Give back only the lines in the records below from the one with "exact: continuous_comp (Tc x) (phic (T x))." to the one with "first exact: clopen_preimage1.", both inclusive, word for word.

[Records from a dataset]
[Start of section]

Lemma K0_eq_real_coboundary (f g : X -> int) :
  real_coboundary T (fun x => (f x - g x)%:~R) -> K0_eq T f g.
Proof.
move=> [F [Fc hF]].
have F_T x : F (T x) = F x + (g x - f x)%:~R by have := hF x; rewrite !intrB; lra.
have F2pi_cont (trig : R -> R) :
    continuous trig -> continuous (fun x => trig (2 * pi * F x)).
  move=> trig_cont x; apply: (@continuous_comp _ _ _ (fun x => 2 * pi * F x)).
    by apply: cvgM; [exact: cvg_cst | exact: Fc].
  exact: trig_cont.
pose x0 : X := point.
have cosF : forall x, cos (2 * pi * F x) = cos (2 * pi * F x0).
  apply: (invariant_cst (F2pi_cont _ (@continuous_cos R)) _ x0) => x.
  by rewrite F_T cos2piD_intr.
have sinF : forall x, sin (2 * pi * F x) = sin (2 * pi * F x0).
  apply: (invariant_cst (F2pi_cont _ (@continuous_sin R)) _ x0) => x.
  by rewrite F_T sin2piD_intr.
pose h x := Num.floor (F x - F x0).
have hE x : (h x)%:~R = F x - F x0.
  have [n Fx] := cos_sin_2pi_eq (cosF x) (sinF x).
  by rewrite /h (_ : F x - F x0 = n%:~R) ?intrKfloor // Fx addrAC subrr add0r.
exists h; split.
  rewrite /cont_int (funext hE) => x.
  by apply: cvgB; [exact: Fc | exact: cvg_cst].
by move=> x; apply: (@intr_inj R); rewrite hF intrB !hE; ring.
Qed.

End Coboundaries.

Section EigenvalueGroup.
Variables (R : realType) (X : pseudoPMetricType R) (T : X -> X).

Lemma E_set0 : E_set T 0.
Proof.
exists (fun=> 1), (fun=> 0); split; try exact: cst_continuous.
  by move=> x; rewrite expr1n expr0n addr0.
by move=> x; rewrite !mulr0 cos0 sin0; split; ring.
Qed.

Lemma E_setD t1 t2 : E_set T t1 -> E_set T t2 -> E_set T (t1 + t2).
Proof.
move=> [fr1 [fi1 [fr1c fi1c f1 f1T]]] [fr2 [fi2 [fr2c fi2c f2 f2T]]].
exists (fun x => fr1 x * fr2 x - fi1 x * fi2 x),
       (fun x => fr1 x * fi2 x + fi1 x * fr2 x); split.
- move=> x; apply: cvgB; apply: cvgM;
  by [exact: fr1c | exact: fr2c | exact: fi1c | exact: fi2c].
- move=> x; apply: cvgD; apply: cvgM;
  by [exact: fr1c | exact: fr2c | exact: fi1c | exact: fi2c].
- move=> x; rewrite -[RHS]mulr1 -{1}(f1 x) -(f2 x); ring.
- move=> x /=; have [-> ->] := f1T x; have [-> ->] := f2T x.
  by rewrite (mulrDr (2 * pi)) cosD sinD; split; ring.
Qed.

Lemma E_setN t : E_set T t -> E_set T (- t).
Proof.
move=> [fr [fi [frc fic f1 fT]]]; exists fr, (fun x => - fi x); split => //.
- by move=> x; apply: cvgN; exact: fic.
- by move=> x; rewrite sqrrN.
- by move=> x; have [-> ->] := fT x; rewrite mulrN cosN sinN; split; ring.
Qed.

End EigenvalueGroup.

Lemma clopen_preimage1 (R : realType) (Y : topologicalType) (v : Y -> R) :
  continuous v -> (forall y, v y = 0 \/ v y = 1) -> clopen (v @^-1` [set 1]).
Proof.
move=> vc v01; split.
  rewrite (_ : _ @^-1` _ = v @^-1` [set z | 1 / 2 < z]).
    by apply: (continuousP _).1 => //; exact: open_gt.
  by apply/seteqP; split => y /=; [move=> ->; lra | case: (v01 y) => ->; lra].
by apply: preimage_closed => [y _|]; [exact: vc | exact: closed_eq].
Qed.

Section Admissible.
Variables (R : realType) (X : pseudoPMetricType R) (T : X -> X).

Lemma admissible0 : admissible T 0 set0.
Proof.
split; first exact: clopen0.
exists (fun=> 0); split; first exact: cst_continuous.
by move=> x; rewrite indicE in_set0 subrr.
Qed.

Lemma admissible_exists (theta : R) :
  hausdorff_space X -> zero_dimensional X -> compact [set: X] -> continuous T ->
  E_set T theta -> 0 < theta < 1 -> exists U, admissible T theta U.
Proof.
move=> hX zX cX Tc [fr [fi [frc fic f1 fT]]] /andP[th_gt0 th_lt1].
pose eps := theta * (1 - theta) / 2.
have eps_gt0 : 0 < eps by rewrite divr_gt0 // mulr_gt0 // subr_gt0.
have eps_th : eps * 2 <= theta by rewrite mulfVK //; nra.
have eps_1th : eps * 2 <= 1 - theta by rewrite mulfVK //; nra.
have [phi [phic phiP]] := turn_angle_lift frc fic f1 eps_gt0 hX zX cX.
pose v x := theta + phi x - phi (T x).
have vc : continuous v.
  move=> x; apply: cvgB; first by apply: cvgD; [exact: cvg_cst | exact: phic].
  exact: continuous_comp (Tc x) (phic (T x)).
have v01 x : v x = 0 \/ v x = 1.
  have [c1 s1 /andP[lo1 hi1]] := phiP x.
  have [c2 s2 /andP[lo2 hi2]] := phiP (T x).
  have [n vn] : exists n : int, v x = n%:~R.
    have cosE : cos (2 * pi * (theta + phi x)) = cos (2 * pi * phi (T x)).
      by rewrite c2 (fT x).1 mulrDr cosD c1 s1.
    have sinE : sin (2 * pi * (theta + phi x)) = sin (2 * pi * phi (T x)).
      by rewrite s2 (fT x).2 mulrDr sinD c1 s1; ring.
    by have [n nE] := cos_sin_2pi_eq cosE sinE; exists n; rewrite /v nE; ring.
  have n_gt : (-1 < n)%R by rewrite -(ltr_int R) rmorphN1 -vn /v; lra.
  have n_lt : (n < 2)%R by rewrite -(ltr_int R) -vn /v; lra.
  have : n = 0 \/ n = 1 by lia.
  by rewrite vn => -[->|->]; [left | right].
exists (v @^-1` [set 1]); split; first exact: clopen_preimage1.
exists phi; split => // x; rewrite indicE.
have [vx|vx] := v01 x.
  by rewrite memNset /=; move: vx; rewrite /v; lra.
by rewrite mem_set //=; move: vx; rewrite /v; lra.
Qed.

End Admissible.

Lemma Theta_repE (R : realType) (X : pseudoPMetricType R) (t : R) (U : set X) x :
  (Theta_rep t U x)%:~R = t + (\1_U x - fracpart t).
Proof. by rewrite /Theta_rep intrD !indicE mulrz_nat /fracpart; ring. Qed.

Theorem mainTheorem5 (R : realType) (X : pseudoPMetricType R) (T : X -> X) :
  cantor_minimal T ->
  (* existence of the sets U_theta, with U_0 = emptyset allowed *)
  (forall theta : R, E_set T theta -> 0 <= theta < 1 ->
     exists U : set X, admissible T theta U) /\
  admissible T 0 set0 /\
  (* E(X,T) is a subgroup of R (domain of the homomorphism) *)
  (E_set T 0 /\
   forall t1 t2 : R, E_set T t1 -> E_set T t2 ->
     E_set T (t1 + t2) /\ E_set T (- t1)) /\
  (* Theta is well defined: independent of the choice of U_{fracpart theta} *)
  (forall (theta : R) (U U' : set X), E_set T theta ->
     admissible T (fracpart theta) U -> admissible T (fracpart theta) U' ->
     K0_eq T (Theta_rep theta U) (Theta_rep theta U')) /\
  (* Theta is a group homomorphism *)
  (forall (t1 t2 : R) (U1 U2 U12 : set X), E_set T t1 -> E_set T t2 ->
     admissible T (fracpart t1) U1 -> admissible T (fracpart t2) U2 ->
     admissible T (fracpart (t1 + t2)) U12 ->
     K0_eq T (Theta_rep (t1 + t2) U12)
               (fun x => Theta_rep t1 U1 x + Theta_rep t2 U2 x)) /\
  (* Theta is injective *)
  (forall (t1 t2 : R) (U1 U2 : set X), E_set T t1 -> E_set T t2 ->
     admissible T (fracpart t1) U1 -> admissible T (fracpart t2) U2 ->
     K0_eq T (Theta_rep t1 U1) (Theta_rep t2 U2) -> t1 = t2).
Proof.
move=> [[_ cX hX zX] [_ [_ _ Tc _]] minimal].
split=> [th thE /andP[th_ge0 th_lt1]|].
  have [->|th_neq0] := eqVneq th 0; first by exists set0; exact: admissible0.
  by apply: admissible_exists => //; rewrite lt0r th_neq0 th_ge0 th_lt1.
split; first exact: admissible0.
split; first by split=> [|t1 t2 ? ?];
  [exact: E_set0 | split; [exact: E_setD | exact: E_setN]].
split=> [th U U' _ [_ cobU] [_ cobU']|].
  apply: (K0_eq_real_coboundary minimal).
  apply: (eq_real_coboundary (real_coboundaryB cobU cobU')) => x.
  by rewrite intrB !Theta_repE; ring.
split=> [t1 t2 U1 U2 U12 _ _ [_ cob1] [_ cob2] [_ cob12]|].
  apply: (K0_eq_real_coboundary minimal).
  apply: (eq_real_coboundary (real_coboundaryB (real_coboundaryB cob12 cob1) cob2)) => x.
  by rewrite intrB intrD !Theta_repE; ring.
move=> t1 t2 U1 U2 _ _ [_ cob1] [_ cob2] /real_coboundary_K0_eq cob.
apply/eqP; rewrite -subr_eq0; apply/eqP; apply: real_coboundary_cst cX _.
apply: (eq_real_coboundary (real_coboundaryB cob (real_coboundaryB cob1 cob2))) => x.
by rewrite intrB !Theta_repE; ring.
Qed.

[End of section]

SOLVED EXERCISE:
  exact: continuous_comp (Tc x) (phic (T x)).
have v01 x : v x = 0 \/ v x = 1.
  have [c1 s1 /andP[lo1 hi1]] := phiP x.
  have [c2 s2 /andP[lo2 hi2]] := phiP (T x).
  have [n vn] : exists n : int, v x = n%:~R.
    have cosE : cos (2 * pi * (theta + phi x)) = cos (2 * pi * phi (T x)).
      by rewrite c2 (fT x).1 mulrDr cosD c1 s1.
    have sinE : sin (2 * pi * (theta + phi x)) = sin (2 * pi * phi (T x)).
      by rewrite s2 (fT x).2 mulrDr sinD c1 s1; ring.
    by have [n nE] := cos_sin_2pi_eq cosE sinE; exists n; rewrite /v nE; ring.
  have n_gt : (-1 < n)%R by rewrite -(ltr_int R) rmorphN1 -vn /v; lra.
  have n_lt : (n < 2)%R by rewrite -(ltr_int R) -vn /v; lra.
  have : n = 0 \/ n = 1 by lia.
  by rewrite vn => -[->|->]; [left | right].
exists (v @^-1` [set 1]); split; first exact: clopen_preimage1.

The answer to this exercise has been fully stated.